News to Use: Whistleblower Update, Lending vs. Voting, and New TA Utility

April 13, 2015 By Chris Kentouris Leave a Comment

Break during working hoursSEC Chills Pre-taliation: The Securities and Exchange Commission’s enforcement of rules against whistleblower retaliation has just taken another giant step forward with the US regulatory agency’s first announcement it has penalized a firm for restrictive language in an employment agreement.

Although the US$130,000 fine was against KBR Inc., not a financial services firm, attorneys specializing in securities law are warning clients that the KBR case signals more enforcement actions to come. The SEC has reportedly already requisitioned past and present employment contracts from a number of unnamed firms.

Legal experts highlight that there was no proof that KBR, one of the US’ largest government contractors, ever overtly attempted to block an employee from unauthorized contact with a regulator. The penalty was only for the inclusion of a confidentiality clause in an employment contract which forbade the discussion of certain topics without the approval of the firm’s legal department, on threat of “disciplinary action up to and including termination.” KBR has also been required to eliminate any “pre-taliation” clauses out of its contracts, and inform employees who signed the contract of the changes in their agreements.

“The takeaways from the SEC’s order are clear. First, the SEC is and will continue to actively investigate employer-employee agreements and other arrangements that have even the potential to stifle the reporting of securities law violations,” blogs Jonathan W. Hackbarth, defense specialist in ligitation and regulatory enforcement actions with the law firm of Quarles and Brady LLP. Should the SEC find anything, he adds, firms can expect to pay substantial penalties as in the case of KBR.

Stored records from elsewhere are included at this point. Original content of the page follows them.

(* Let $l\ge2$ be even and let $a,b\in\{1,\dots,l-1\}$ be such that $X=X(\mathbb{Z}_{2l},\{\pm a,\pm b\})$ is a connected $4$-regular circulant graph with $a+b\ne l$. Then $X$ does not admit perfect state transfer between (distinct) vertex type states.
   Context: $X(\mathbb{Z}_n,S)$ (with $S\subseteq\mathbb{Z}_n\setminus\{0\}$, $S=-S$) has vertex set $\mathbb{Z}_n$ and edges $\{x,y\}$ with $y-x\in S$. For a graph with symmetric arc set $\mathcal{A}$ ($t((x,y))=y$, $(x,y)^{-1}=(y,x)$): boundary matrix $d_{x,a}=\frac{1}{\sqrt{\deg x}}\delta_{x,t(a)}$, shift matrix $R_{a,b}=\delta_{a,b^{-1}}$, $U=R(2d^*d-I_{\mathcal{A}})$. Perfect state transfer between vertex type states means $U^\tau d^*e_x=\gamma d^*e_y$ for some distinct vertices $x,y$, some $\tau\in\mathbb{Z}_{\ge1}$ and some $|\gamma|=1$ ($e_x$ the standard unit vector). *)

From mathcomp Require Import all_boot all_order all_algebra all_field.
Set Implicit Arguments. Unset Strict Implicit. Unset Printing Implicit Defensive.
Import Order.TTheory GRing.Theory Num.Theory.
Local Open Scope ring_scope.

(* Circulant graph X(Z_n, S): vertices 'I_n (residues mod n),
   x ~ y iff (y - x) mod n lies in S (S given as a list of residues). *)
Definition circ_adj (n : nat) (S : seq nat) : rel 'I_n :=
  fun x y => ((y + n - x) %% n)%N \in S.
Arguments circ_adj n S x y : clear implicits.

Section Walk.
Variables (V : finType) (adj : rel V).

Definition arc := {p : V * V | adj p.1 p.2}.

Definition deg (x : V) : nat := #|[pred y | adj x y]|.

Definition connected_graph : Prop := forall x y : V, connect adj x y.

Definition regular (k : nat) : Prop := forall x : V, deg x = k.

Definition terminus (e : arc) : V := (val e).2.

Definition bdry (x : V) (e : arc) : algC :=
  (sqrtC (deg x)%:R)^-1 * (x == terminus e)%:R.

Definition bdry_adj (e : arc) (x : V) : algC := (bdry x e)^*.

What should compliance officers do now? The quick answer is to review and correct, if necessary, all contracts with employees, agents, and other representatives. Those include confidentiality, compensation, employment, settlement, and severance agreements. “The SEC will look critically on any arrangement, no matter how creative, that could even potentially stifle whistleblowing,” warns Hackbarth.

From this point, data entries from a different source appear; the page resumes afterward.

(* Let $G$ be a connected simple graph without bridges whose edge set is identified with $[d+1]$, let $B_1,\dots,B_n$ be the bases (spanning trees) of its graphic matroid, all of cardinality $k$, and let $P=\operatorname{tconv}(V)$ with $V=(-e_{B_1},\dots,-e_{B_n})$. Then: (1) the set of pseudovertices of $P$ is $\{-e_J: J=\bigcup_{i\in I}B_i \text{ for some } I\subseteq[n]\}$; (2) the set of pseudovertices of the tropical standard simplex $\Delta^d=\operatorname{tconv}\{-e_1,\dots,-e_{d+1}\}$ is $\{-e_J: J\subseteq[d+1],\ 1\le|J|\le d\}$; (3) let $(T^{(0)}_1,\dots,T^{(0)}_{d+1})=\operatorname{type}_V(\mathbf{0})$, and let $-e_J$ be a pseudovertex of $P$ with $[d+1]\setminus J=\{i_1,\dots,i_r\}$; then $\operatorname{type}_V(-e_J)=(T_1,\dots,T_{d+1})$ where $$T_j=\begin{cases}T^{(0)}_j\setminus\big(T^{(0)}_{i_1}\cup\cdots\cup T^{(0)}_{i_r}\big) & \text{if } j\in J,\\ T^{(0)}_j\cup\big((T^{(0)}_{i_1})^C\cap\cdots\cap(T^{(0)}_{i_r})^C\big) & \text{otherwise,}\end{cases}$$ with complements taken in $[n]$.
   Context: Tropical arithmetic is min-plus; $\mathbb{T}^d=\mathbb{R}^{d+1}/\mathbb{R}(1,\dots,1)$; $\operatorname{tconv}\{v_1,\dots,v_n\}=\{\bigoplus_l\lambda_l\odot v_l:\lambda_l\in\mathbb{R}\}$; $e_J=\sum_{i\in J}e_i$, and $\mathbf{0}$ is the origin. For $m\in[d+1]$ let $\bar S_m=\{\xi\in\mathbb{T}^d:\xi_m=\min_i\xi_i\}$. For generators $V=(v_1,\dots,v_n)$ and $x\in\mathbb{T}^d$, $\operatorname{type}_V(x)=(T_1,\dots,T_{d+1})$ with $T_m=\{l\in[n]:v_l\in x+\bar S_m\}$. The cells $\{x:\operatorname{type}_V(x)=\mathcal{T}\}$ have closures forming a polyhedral subdivision $\mathcal{C}_V$ of $\mathbb{T}^d$ (the tropical complex); the pseudovertices of the tropical polytope $\operatorname{tconv}(V)$ are the zero-dimensional cells of $\mathcal{C}_V$. *)

From HB Require Import structures.
From mathcomp Require Import all_boot all_order all_algebra.
From mathcomp Require Import reals.
Set Implicit Arguments. Unset Strict Implicit. Unset Printing Implicit Defensive.
Import Order.TTheory GRing.Theory Num.Theory.
Local Open Scope ring_scope.

Section Tropical.
Variable R : realType.
Variables (d n : nat).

Voting Trumps Revenues: Fund managers won’t hesitate to lose money by recalling loaned-out shares in order to cast their votes at annual meetings and other events, according to a new study from academics at Georgetown University, DePaul University and the University of Cambridge.

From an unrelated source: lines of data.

(* The function $q\mapsto (p(q)-c)\big(1-F(p(q)/q)\big)$ is strictly convex on $Q$.
   Context: Let $0<q_\ell<q_h<\infty$, $Q=[q_\ell,q_h]$, and let $c$ be a real number with $0<c<q_\ell$. Let $F$ be a probability distribution on $[0,1]$ with support $[0,1]$ admitting a twice continuously differentiable density $f:(0,1)\to\mathbb{R}_{>0}$. Define $r(v)=(1-F(v))/f(v)$ and $\psi(v)=v-r(v)$ on $(0,1)$, and assume $\psi'(v)>0$ whenever $\psi(v)>0$. For $q\in Q$, $p(q)$ is the unique maximizer over $p\in\mathbb{R}$ of $(p-c)\big(1-F(p/q)\big)$. *)

From Stdlib Require Import Reals.
From Coquelicot Require Import Coquelicot.
Open Scope R_scope.

Definition rfun (F f : R -> R) (v : R) : R := (1 - F v) / f v.
Definition psi (F f : R -> R) (v : R) : R := v - rfun F f v.

(* Profit at unit value q and price x: (x - c)(1 - F(x/q)). *)
Definition profit (F : R -> R) (c q x : R) : R := (x - c) * (1 - F (x / q)).

Definition strictly_convex_on (a b : R) (g : R -> R) : Prop :=
  forall x y t, a <= x <= b -> a <= y <= b -> x <> y -> 0 < t < 1 ->
    g (t * x + (1 - t) * y) < t * g x + (1 - t) * g y.

(** The optimal profit V(q) = max_w (q w - c)(1 - F w), written in the
    normalized price w = x / q, is a pointwise maximum of functions affine
    in q, hence convex.  Equality in the convexity inequality between x <> y
    would force the maximizer v at the intermediate point to maximize both
    w |-> (x w - c)(1 - F w) and w |-> (y w - c)(1 - F w).  As v is interior,
    both first-order conditions hold; subtracting them gives 1 - F v = v f v,
    and then either one reduces to c f v = 0, impossible since c, f v > 0. *)

From Stdlib Require Import Reals Lra Psatz.
From Coquelicot Require Import Coquelicot.
Open Scope R_scope.

Lemma is_derive_global_max_eq0 (h : R -> R) (v l : R) :
  is_derive h v l -> (forall w, h w <= h v) -> l = 0.
Proof.
  intros Hd Hmax.
  apply is_derive_Reals in Hd.
  assert (pr : derivable_pt h v) by (exists l; exact Hd).
  rewrite <- (derive_pt_eq_0 h v l pr Hd).
  apply (deriv_maximum h (v - 1) (v + 1) v pr); try lra.
  intros; apply Hmax.
Qed.

Lemma profit_scaled (F : R -> R) (c q w : R) :
  q <> 0 -> profit F c q (q * w) = (q * w - c) * (1 - F w).
Proof.
  intros Hq. unfold profit.
  replace (q * w / q) with w by (field; exact Hq).
  reflexivity.
Qed.

Lemma is_derive_scaled_profit (F f : R -> R) (c q v : R) :
  is_derive F v (f v) ->
  is_derive (fun w => (q * w - c) * (1 - F w)) v
    (q * (1 - F v) - (q * v - c) * f v).
Proof.
  intros HF.
  replace (q * (1 - F v) - (q * v - c) * f v)
    with (q * (1 - F v) + (q * v - c) * (0 - f v)) by ring.
  apply (Derive.is_derive_mult (fun w => q * w - c) (fun w => 1 - F w)).
  - auto_derive; [exact I | ring].
  - apply (Derive.is_derive_minus (fun _ => 1) F); [| exact HF].
    auto_derive; [exact I | ring].
Qed.

Section OptimalPrice.

Variables (F : R -> R) (c q p : R).
Hypothesis (Hc : 0 < c) (Hq : 0 < q).
Hypothesis (HF0 : forall x, x <= 0 -> F x = 0) (HF1 : forall x, 1 <= x -> F x = 1).
Hypothesis Hp : forall x, x <> p -> profit F c q x < profit F c q p.

Lemma optimal_price_gt0 : 0 < p / q.
Proof.
  destruct (Rle_lt_dec (p / q) 0) as [Hle | Hlt]; [exfalso | exact Hlt].
  assert (Hp0 : p <= 0).
  { replace p with (p / q * q) by (field; lra). nra. }
  assert (Hqp : q <> p) by lra.
  (* selling at the top of the support earns 0 > p - c *)
  pose proof (Hp q Hqp) as Hlt.
  unfold profit in Hlt.
  rewrite (HF0 _ Hle), HF1 in Hlt by (right; field; lra).
  lra.
Qed.

Lemma optimal_price_lt1 : p / q < 1.
Proof.
  destruct (Rlt_le_dec (p / q) 1) as [Hlt | Hge]; [exact Hlt | exfalso].
  assert (Hpq : p + q <> p) by lra.
  pose proof (Hp (p + q) Hpq) as Hlt.
  unfold profit in Hlt.
  rewrite (HF1 _ Hge), HF1 in Hlt.
  - lra.
  - replace ((p + q) / q) with (p / q + 1) by (field; lra). lra.
Qed.

Lemma scaled_profit_le_optimal (w : R) :
  (q * w - c) * (1 - F w) <= profit F c q p.
Proof.
  rewrite <- profit_scaled by lra.
  destruct (Req_dec (q * w) p) as [E | E].
  - rewrite E; lra.
  - left; apply Hp; exact E.
Qed.

End OptimalPrice.

Lemma scaled_profit_foc (F f : R -> R) (c q v : R) :
  is_derive F v (f v) ->
  (forall w, (q * w - c) * (1 - F w) <= (q * v - c) * (1 - F v)) ->
  q * (1 - F v) - (q * v - c) * f v = 0.
Proof.
  intros HF Hmax.
  exact (is_derive_global_max_eq0 _ v _ (is_derive_scaled_profit F f c q v HF) Hmax).
Qed.

Lemma scaled_profit_foc_not_common (c x y Fv fv v : R) :
  0 < c -> 0 < fv -> x <> y ->
  x * (1 - Fv) - (x * v - c) * fv = 0 ->
  y * (1 - Fv) - (y * v - c) * fv <> 0.
Proof.
  intros Hc Hf Hxy Dx Dy.
  assert (K : (x - y) * (1 - Fv - v * fv) = 0) by lra.
  apply Rmult_integral in K as [K | K]; [lra |].
  assert (c * fv = 0) by nra.
  nra.
Qed.

Lemma convex_comb_lt (t a b A B : R) :
  0 < t < 1 -> a <= A -> b <= B -> ~ (a = A /\ b = B) ->
  t * a + (1 - t) * b < t * A + (1 - t) * B.
Proof.
  intros Ht Ha Hb Hne.
  destruct (Req_dec a A) as [Ea | Ea]; [destruct (Req_dec b B) as [Eb | Eb] |].
  - tauto.
  - nra.
  - nra.
Qed.

Theorem lemma2 (ql qh c : R) (F f : R -> R) (p : R -> R)
  (* parameters *)
  (Hql : 0 < ql) (Hqlqh : ql < qh) (Hc0 : 0 < c) (Hcql : c < ql)
  (* F is the CDF of a distribution on [0,1] with support [0,1] and density f *)
  (HF0 : forall x, x <= 0 -> F x = 0)
  (HF1 : forall x, 1 <= x -> F x = 1)
  (HFcont : forall x, continuous F x)
  (HFder : forall v, 0 < v < 1 -> is_derive F v (f v))
  (* f : (0,1) -> R_{>0}, twice continuously differentiable *)
  (Hfpos : forall v, 0 < v < 1 -> 0 < f v)
  (Hf1 : forall v, 0 < v < 1 -> ex_derive f v)
  (Hf2 : forall v, 0 < v < 1 -> ex_derive_n f 2 v)
  (Hf2c : forall v, 0 < v < 1 -> continuous (Derive_n f 2) v)
  (* regularity: psi' > 0 wherever psi > 0 *)
  (Hpsi : forall v, 0 < v < 1 -> 0 < psi F f v -> 0 < Derive (psi F f) v)
  (* p q is the unique maximizer of x |-> (x - c)(1 - F(x/q)) *)
  (Hp : forall q, ql <= q <= qh -> forall x, x <> p q ->
          profit F c q x < profit F c q (p q)) :
  strictly_convex_on ql qh (fun q => profit F c q (p q)).
Proof.
  intros x y t Hx Hy Hxy Ht.
  set (q := t * x + (1 - t) * y).
  assert (Hq : ql <= q <= qh) by (unfold q; split; nra).
  set (v := p q / q).
  assert (Hv : 0 < v < 1).
  { assert (Hq0 : 0 < q) by lra.
    pose proof (Hp q Hq) as Hmax.
    split; [exact (optimal_price_gt0 F c q (p q) Hc0 Hq0 HF0 HF1 Hmax)
           | exact (optimal_price_lt1 F c q (p q) Hq0 HF1 Hmax)]. }
  assert (HFv := HFder v Hv).
  assert (Hopt : forall z, ql <= z <= qh -> forall w,
            (z * w - c) * (1 - F w) <= profit F c z (p z)).
  { intros z Hz w. apply scaled_profit_le_optimal; [lra | exact (Hp z Hz)]. }
  assert (Hval : profit F c q (p q)
                 = t * ((x * v - c) * (1 - F v)) + (1 - t) * ((y * v - c) * (1 - F v))).
  { replace (p q) with (q * v) by (unfold v; field; lra).
    rewrite profit_scaled by lra.
    unfold q; ring. }
  rewrite Hval.
  apply convex_comb_lt; [exact Ht | apply Hopt; exact Hx | apply Hopt; exact Hy |].
  intros [Ex Ey].
  assert (Dx : x * (1 - F v) - (x * v - c) * f v = 0).
  { apply (scaled_profit_foc F f); [exact HFv |].
    intros w; rewrite Ex; exact (Hopt x Hx w). }
  assert (Dy : y * (1 - F v) - (y * v - c) * f v = 0).
  { apply (scaled_profit_foc F f); [exact HFv |].
    intros w; rewrite Ey; exact (Hopt y Hy w). }
  exact (scaled_profit_foc_not_common c x y (F v) (f v) v Hc0 (Hfpos v Hv) Hxy Dx Dy).
Qed.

Corporations require that only the rightful owners of shares on a pre-established record date be allowed to vote. That means that unless lenders of equities ask for their shares back before the contractually agreed upon time, their voting rights could end up in the hands of borrowers. Fund managers lend out securities to earn extra revenues on their holdings from borrowers — namely broker-dealers and hedge funds — who need them to meet settlement and other obligations.

The study, based on anonymized data from pension funds, insurers, and other large institutions including mutual funds, showed that asset owners were most likely to ask for their shares back if they felt their vote was important. Such was usually the case when it came to matters involving executive compensation, takeover threats and corporate controls. Asset holders were also more likely to recall shares when they want to vote against management-endorsed proposals.

SunGard Does it Again: Mutual fund complexes and their service providers can now outsource all of their transfer agency work to SunGard thanks to its new shareholder recordkeeping utility.

The utility leverages SunGard’s takeover of Citigroup’s transfer agency business, including its staff, for long-only funds on March 31. SunGard wouldn’t disclose the size of Citi’s book of business, but says the transaction, is made easier by the fact the technology giant had already managed Citi’s transfer agency platform, SunGard’s Asset Arena application, since 1998. The platform, which services US and non-US investment funds, hedge funds, collective trusts and exchange-traded funds, is used by about 200 fund managers, says SunGard.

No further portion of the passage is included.